# Bahrain



## ladyblue (Jun 3, 2014)

Hi I am thinking of going to work in Bahrain - is this the right forum? Please can you redirect me if not. Thanks


----------



## Stevesolar (Dec 21, 2012)

Hi,
Welcome to the forum - I have moved your post to the correct forum location.
Cheers
Steve


----------



## ladyblue (Jun 3, 2014)

Thank you. I was just wondering whether anyone could offer any general advice about moving to Bahrain for a year or two. I do not have a job yet, and wonder whether as a single woman I will be in the same running as a man in a similar position, but it is to work at the university so perhaps views are more progressive. I am also wondering how safe I would be as a single woman living alone. Any information appreciated.


----------



## Stevesolar (Dec 21, 2012)

ladyblue said:


> Thank you.

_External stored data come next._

Lemma hyperbolic_curve_roots n a t : (2 <= n)%N -> hyperbolic (curve_poly n a t) ->
  exists x : 'I_n -> R,
    (forall k, (1 <= k <= n)%N -> a k t = (mesym n R k).@[x]) /\
    \sum_i x i ^+ 2 = a 1%N t ^+ 2 - 2 * a 2%N t.
Proof.
move=> n2 [s Ps]; have [_ PX PXX] := prod_XsubC_top_coefs s.
have sz_s : size s == n.
  by rewrite -eqSS -(size_prod_XsubC s id) -Ps size_curve_poly.
have e_a k : (1 <= k <= n)%N -> a k t = (mesym n R k).@[tnth (Tuple sz_s)].
  move=> k1n; have kn : (k < n.+1)%N by lia.
  have := mroots_coeff (Tuple sz_s) (Ordinal kn).
  rewrite /= -Ps coef_curve_poly_sub // => /mulfI; apply.
  by rewrite signr_eq0.
exists (tnth (Tuple sz_s)); split => //.
rewrite -(big_tuple _ _ (Tuple sz_s) xpredT (fun c => c ^+ 2)) /=.
rewrite -Ps (eqP sz_s) in PX PXX; case: n n2 sz_s Ps e_a PX PXX => [|[|m]] // _ _ _ _.
have := @coef_curve_poly_sub m.+2 a t 1 isT; have := @coef_curve_poly_sub m.+2 a t 2 isT.
rewrite !coefMX subn1 subn2 /= => -> ->.
rewrite expr1 mulN1r sqrrN expr1n mul1r => /oppr_inj S1.
by rewrite -S1; lra.
Qed.

Lemma mXE (n : nat) (l : 'I_n) : mX l = U_(l)%MM.
Proof. by apply/mnmP => i; rewrite /mX !mnmE eq_sym. Qed.

Lemma msym_mpolyXU (T : nzRingType) n (s : 'S_n) (i : 'I_n) :
  msym s ('X_i : {mpoly T[n]}) = 'X_(s i).
Proof. by rewrite /msym mmapX mmap1U. Qed.

Lemma Delta_detE (n k : nat) : Delta n k =
  \det (\matrix_(i < k, j < k) \sum_(l < n) ('X_l : {mpoly R[n]}) ^+ (i + j)).
Proof.
congr (\det _); apply/matrixP => i j; rewrite !mxE.
by apply: eq_bigr => l _; rewrite mXE.
Qed.

Lemma Delta_symmetric (n k : nat) : Delta n k \is symmetric.
Proof.
apply/issymP => s; rewrite Delta_detE -det_map_mx; congr (\det _).
apply/matrixP => i j; rewrite !mxE rmorph_sum /=.
under eq_bigr do rewrite rmorphXn /= msym_mpolyXU.
by rewrite [RHS](reindex_inj (@perm_inj _ s)).
Qed.

Lemma Dtilde_sigmas (n k : nat) : comp_mpoly (sigmas n) (Dtilde n k) = Delta n k.
Proof.
have [q [qE _]] := sym_fundamental (Delta_symmetric n k).
exact: (epsilon_spec (inhabits 0)
  (fun q : {mpoly R[n]} => comp_mpoly (sigmas n) q = Delta n k) (ex_intro _ q qE)).
Qed.

Lemma meval_Dtilde_mesym (n k : nat) (x : 'I_n -> R) :
  (Dtilde n k).@[fun i : 'I_n => (mesym n R (val i).+1).@[x]] = (Delta n k).@[x].
Proof.
rewrite -Dtilde_sigmas comp_mpoly_meval; apply: meval_eq => i.
by rewrite /sigmas tnth_mktuple.
Qed.

Lemma meval_Delta (n k : nat) (x : 'I_n -> R) : (Delta n k).@[x] =
  \det (\matrix_(i < k, j < k) \sum_(l < n) x l ^+ (i + j)).
Proof.
rewrite Delta_detE -det_map_mx; congr (\det _); apply/matrixP => i j.
rewrite !mxE rmorph_sum /=; apply: eq_bigr => l _.
by rewrite rmorphXn /= mevalXU.
Qed.

Lemma meval_Delta_scale (n k : nat) (x : 'I_n -> R) c :
  (Delta n k).@[fun i => c * x i] = c ^+ (k * (k - 1)) * (Delta n k).@[x].
Proof.
rewrite !meval_Delta; set M := \matrix_(i < k, j < k) \sum_(l < n) x l ^+ (i + j).
set d := \row_(i < k) c ^+ i.
have -> : \matrix_(i < k, j < k) \sum_(l < n) (c * x l) ^+ (i + j) =
    diag_mx d *m M *m diag_mx d.
  apply/matrixP => i j; rewrite mul_mx_diag mul_diag_mx !mxE mulr_sumr mulr_suml.
  by apply: eq_bigr => l _; rewrite exprMn exprD; ring.
have sum_ordE m : (2 * \sum_(i < m) i = m * (m - 1))%N.
  by elim: m => [|m IH]; rewrite ?big_ord0 // big_ord_recr /= mulnDr IH; nia.
rewrite !det_mulmx det_diag -sum_ordE mul2n -addnn exprD.
have -> : \prod_i d 0 i = c ^+ (\sum_(i < k) i).
  by rewrite -prodrXr; apply: eq_bigr => i _; rewrite mxE.
ring.
Qed.

Lemma meval_Delta2 (n : nat) (x : 'I_n -> R) : (Delta n 2).@[x] =
  n%:R * \sum_(l < n) x l ^+ 2 - (\sum_(l < n) x l) ^+ 2.
Proof.
rewrite meval_Delta (expand_det_row _ 0) !big_ord_recl big_ord0.
rewrite /cofactor !det_mx11 !mxE /= /bump /=.
under eq_bigr do rewrite expr0.
under [X in _ + (X * _ + _)]eq_bigr do rewrite expr1.
by rewrite sumr_const card_ord -mulr_natl; ring.
Qed.

Lemma continuous_big (op : R -> R -> R) (idx : R) (I : Type) (s : seq I)
    (F : I -> R -> R) (t : R) :
  (forall f g : R -> R, continuous f t -> continuous g t ->
     continuous (fun y => op (f y) (g y)) t) ->
  (forall i, continuous (F i) t) ->
  continuous (fun y => \big[op/idx]_(i <- s) F i y) t.
Proof.
move=> opC FC; elim: s => [|i s IH].
  apply: (continuous_ext (fun _ => idx)) => [y|]; first by rewrite big_nil.
  exact: continuous_const.
apply: (continuous_ext (fun y => op (F i y) (\big[op/idx]_(j <- s) F j y))).
  by move=> y; rewrite big_cons.
exact: opC.
Qed.

Lemma continuous_meval (n : nat) (p : {mpoly R[n]}) (v : 'I_n -> R -> R) (t : R) :
  (forall i, continuous (v i) t) -> continuous (fun y => p.@[fun i => v i y]) t.
Proof.
move=> vC; have plusC (f g : R -> R) : continuous f t -> continuous g t ->
    continuous (fun y => f y + g y) t by exact: continuous_plus.
have multC (f g : R -> R) : continuous f t -> continuous g t ->
    continuous (fun y => f y * g y) t by exact: continuous_mult.
apply: (continuous_ext (fun y => \sum_(m <- msupp p) p@_m * \prod_i v i y ^+ m i)).
  by move=> y; rewrite mevalE.
apply: continuous_big => [f g /plusC|m]; first exact.
apply: (multC); first exact: continuous_const.
apply: continuous_big => [f g /multC|i]; first exact.
apply: (continuous_ext (fun y => pow (v i y) (m i))) => [y|]; first by rewrite RpowE.
apply: (continuous_comp (v i) (fun z => pow z (m i))) => //.
by apply: ex_derive_continuous; auto_derive.
Qed.

Section HyperbolicCurve.

Variables (n : nat) (a : nat -> R -> R) (eps : R).
Hypothesis n_ge2 : (2 <= n)%N.
Hypothesis eps_gt0 : Rlt 0 eps.
Hypothesis a_smooth : forall k, (1 <= k <= n)%N -> smooth_on eps (a k).
Hypothesis a1_eq0 : forall t, Rlt (Rabs t) eps -> a 1%N t = R0.
Hypothesis curve_hyperbolic :
  forall t, Rlt (Rabs t) eps -> hyperbolic (curve_poly n a t).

I was just wondering whether anyone could offer any general advice about moving to Bahrain for a year or two. I do not have a job yet, and wonder whether as a single woman I will be in the same running as a man in a similar position, but it is to work at the university so perhaps views are more progressive. I am also wondering how safe I would be as a single woman living alone. Any information appreciated.


Hi,
Out of interest - why Bahrain?
I would have thought there was more scope for you in Dubai or Abu Dhabi - both places great to live in for single ladies.
Cheers
Steve


----------



## ladyblue (Jun 3, 2014)

There just happens to be a job there.


----------